Using a single thread on this CPU cluster is pathologically slow, so I’m trying reduce_sum for within-chain parallelization. To set up reduce_sum on CPU cluster, do you think if we only need to add stan_threads = TRUE within cpp_options?

@rok_cesnovar …can you help here?

Thanks for tagging, missed this.

Responding on my phone so apologize for bad formatting. The model compiles fine, the warnings are from the pedantic mode so the partial_sum warning is a bug in pedantic mode. So just ignore it, if it annoys you remove the warn-pedantic from stanc_options.

This lack is intentional as this is documented elsewhere and duplicating it is redundant and just leads to having two places for the same doc and eventually outdated docs. We do need to link to that docs a bit better.

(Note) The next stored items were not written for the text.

Lemma partial_sum_eigen_lower :
  m%:R * \sum_(i < r) L i.+1 + r%:R * L 0 <= n%:R * \sum_(i < r) M i.
Proof.
set T := \sum_(i < r) L i.+1.
have sum_L : \sum_(k < r.+1) L k = L 0 + T by rewrite big_ord_recl.
have T_le : T <= r%:R * L 0.
  apply: le_trans (_ : _ <= \sum_(i < r) L 0) _; last by rewrite sumr_const card_ord mulr_natl.
  apply: ler_sum => i _; apply: (nonincreasing_le L_noninc) => //.
  exact: leq_trans (ltn_ord i) r_lt_n.
apply: le_trans (ler_wpM2l (ler0n _ n) trace_le_partial_sum).
rewrite sum_L -subr_ge0.
have -> : n%:R * (r%:R / r.+1%:R * (L 0 + T)) - (m%:R * T + r%:R * L 0)
    = (m%:R - r%:R) * (r%:R * L 0 - T) / r.+1%:R.
  by move: r1_neq0; rewrite -!natr1 => ?; field.
by rewrite divr_ge0 ?mulr_ge0 // subr_ge0 ?ler_nat.
Qed.

End PartialSumsOfEigenvalues.
Lemma modp_Theta_zloc n b m :
  (Theta q n * trunc q (val \o b) m) %% Theta q m =
  map_poly val (trunc_poly nodes (mul_theta nodes n b) m).
Proof.
rewrite trunc_zloc !Theta_nodes -!(map_theta val) -rmorphM.
rewrite Pdiv.IdomainMonic.modpE ?map_theta ?theta_monic //.
by rewrite -map_rmodp_theta -trunc_mul_theta.
Qed.

Lemma eq_inPhiA n x y : inPhiA p q n x -> x =1 y -> inPhiA p q n y.
Proof. by move=> [b [bA xb]] xy; exists b; split=> // m; rewrite -xb (eq_trunc _ xy). Qed.

Lemma inPhiA_zloc n (y : nat -> R) : inPhiA p q n (val \o y) <-> phi_mult nodes n y.
Proof.
split=> [[b [bA yb]]|[b yb]].
  pose b' k : R := insubd 0 (b k).
  have bb' : b =1 val \o b' by move=> k; rewrite /= insubdK //; apply: bA.
  exists b'; apply: (trunc_poly_inj (qs := nodes)) => m.
  apply: (map_inj_poly val_inj (rmorph0 _)).
  by rewrite -trunc_zloc yb (eq_trunc _ bb') modp_Theta_zloc.
exists (val \o b); split=> [k|m]; first exact: zloc_valP.
by rewrite modp_Theta_zloc -trunc_zloc; apply: eq_trunc => k /=; rewrite yb.
Qed.

Lemma inAn_zloc n a :
  inAn p n a -> exists2 a' : nat -> R, vanish_below n a' & a =1 val \o a'.
Proof.
move=> [aA a_n]; exists (fun k => insubd 0 (a k)) => [k kn|k].
  by apply: val_inj; rewrite insubdK ?rmorph0; [exact: a_n | exact: aA].
by apply/esym/insubdK/aA.
Qed.

Lemma inAn_val n (c : nat -> R) : vanish_below n c -> inAn p n (val \o c).
Proof.
by move=> c_n; split=> [k|k /c_n c0]; [exact: zloc_valP | rewrite /comp c0 rmorph0].
Qed.

End Transfer.

Theorem proposition3p3 (p : nat) (q : int) :
  prime p -> odd p -> primitive_mod q (p ^ 2) ->
  forall n : nat, (1 <= n)%N ->
    (* A_n / Phi_n A is divisible *)
    (forall (a : nat -> rat) (m : nat), (0 < m)%N -> inAn p n a ->
       exists c : nat -> rat, inAn p n c /\
         inPhiA p q n (fun k => m%:R * c k - a k)) /\
    (* A_n / Phi_n A is torsion-free *)
    (forall (a : nat -> rat) (m : nat), (0 < m)%N -> inAn p n a ->
       inPhiA p q n (fun k => m%:R * a k) -> inPhiA p q n a).
Proof.
move=> p_pr _ [q_cop _] n _.
have pq : coprime p `|q| by move: q_cop; rewrite coprimezE coprime_pexpr // coprime_sym.
split=> a m m0 /inAn_zloc [a' a'_n aa'].
  have [D _] := zloc_phi_divisible_torsionfree p_pr pq n m0.
  have [c c_n cP] := D a' a'_n.
  exists (val \o c); split; first exact: inAn_val.
  apply: (eq_inPhiA ((inPhiA_zloc p_pr pq n _).2 cP)) => k.
  by rewrite aa' /comp rmorphB rmorphM rmorph_nat.
move=> maP; have [_ TF] := zloc_phi_divisible_torsionfree p_pr pq n m0.
have a'P : phi_mult (nodes p q) n a'.
  apply: TF; apply/(inPhiA_zloc p_pr pq); apply: (eq_inPhiA maP) => k.
  by rewrite aa' /comp rmorphM rmorph_nat.
by apply: (eq_inPhiA ((inPhiA_zloc p_pr pq n a').2 a'P)) => k; rewrite aa'.
Qed.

The full list of name-value pairs for cpp_options is anything you can place in the make/local file, most importantly STAN_THREADS, STAN_MPI, … you can also place cxxflags, ldlflags here if needed.

the full list of stanc_options is all argumenta for the stan-to-c++ parser (stanc3). See a list in 15.3 here: 15 stanc: Translating Stan to C++ | CmdStan User’s Guide

1 Like

So bottom line is just compile with STAN_THREADS=true in cpp_options and supply threads_per_chain=X to the $sample() call, where X is the number of threads.

Also see Reduce Sum: A Minimal Example case study for reduce_sum by @wds15 and @bbbales2
That also uses cmdstanr so you can just replicate it.

2 Likes

Thanks much for the suggestion. Aha, then I can go with that warning and test on cluster now!

1 Like

Compiling with cpp_options = list(STAN_THREADS = T) will throw out a warning 'threads_per_chain' is set but the model was not compiled with 'cpp_options = list(stan_threads = TRUE)' so 'threads_per_chain' will have no effect! But multi-threading seems working.

Compiling with cpp_options = list(stan_threads = TRUE) will not give this warning. And the executable file will have a suffix “_threads”

This might be a false positive warning in cmdstanr. Will take a look. You can make sure multi-threading worked by checking fit$metadata(). It should have a num_threads element.

cpp_options = list(STAN_THREADS = T) and cpp_options = list(STAN_THREADS = TRUE) both give

$threads_per_chain
[1] 1
$num_thread
[1] 1

cpp_options = list(stan_threads = TRUE) gives

$threads_per_chain
[1] 31
$num_thread
[1] 31
1 Like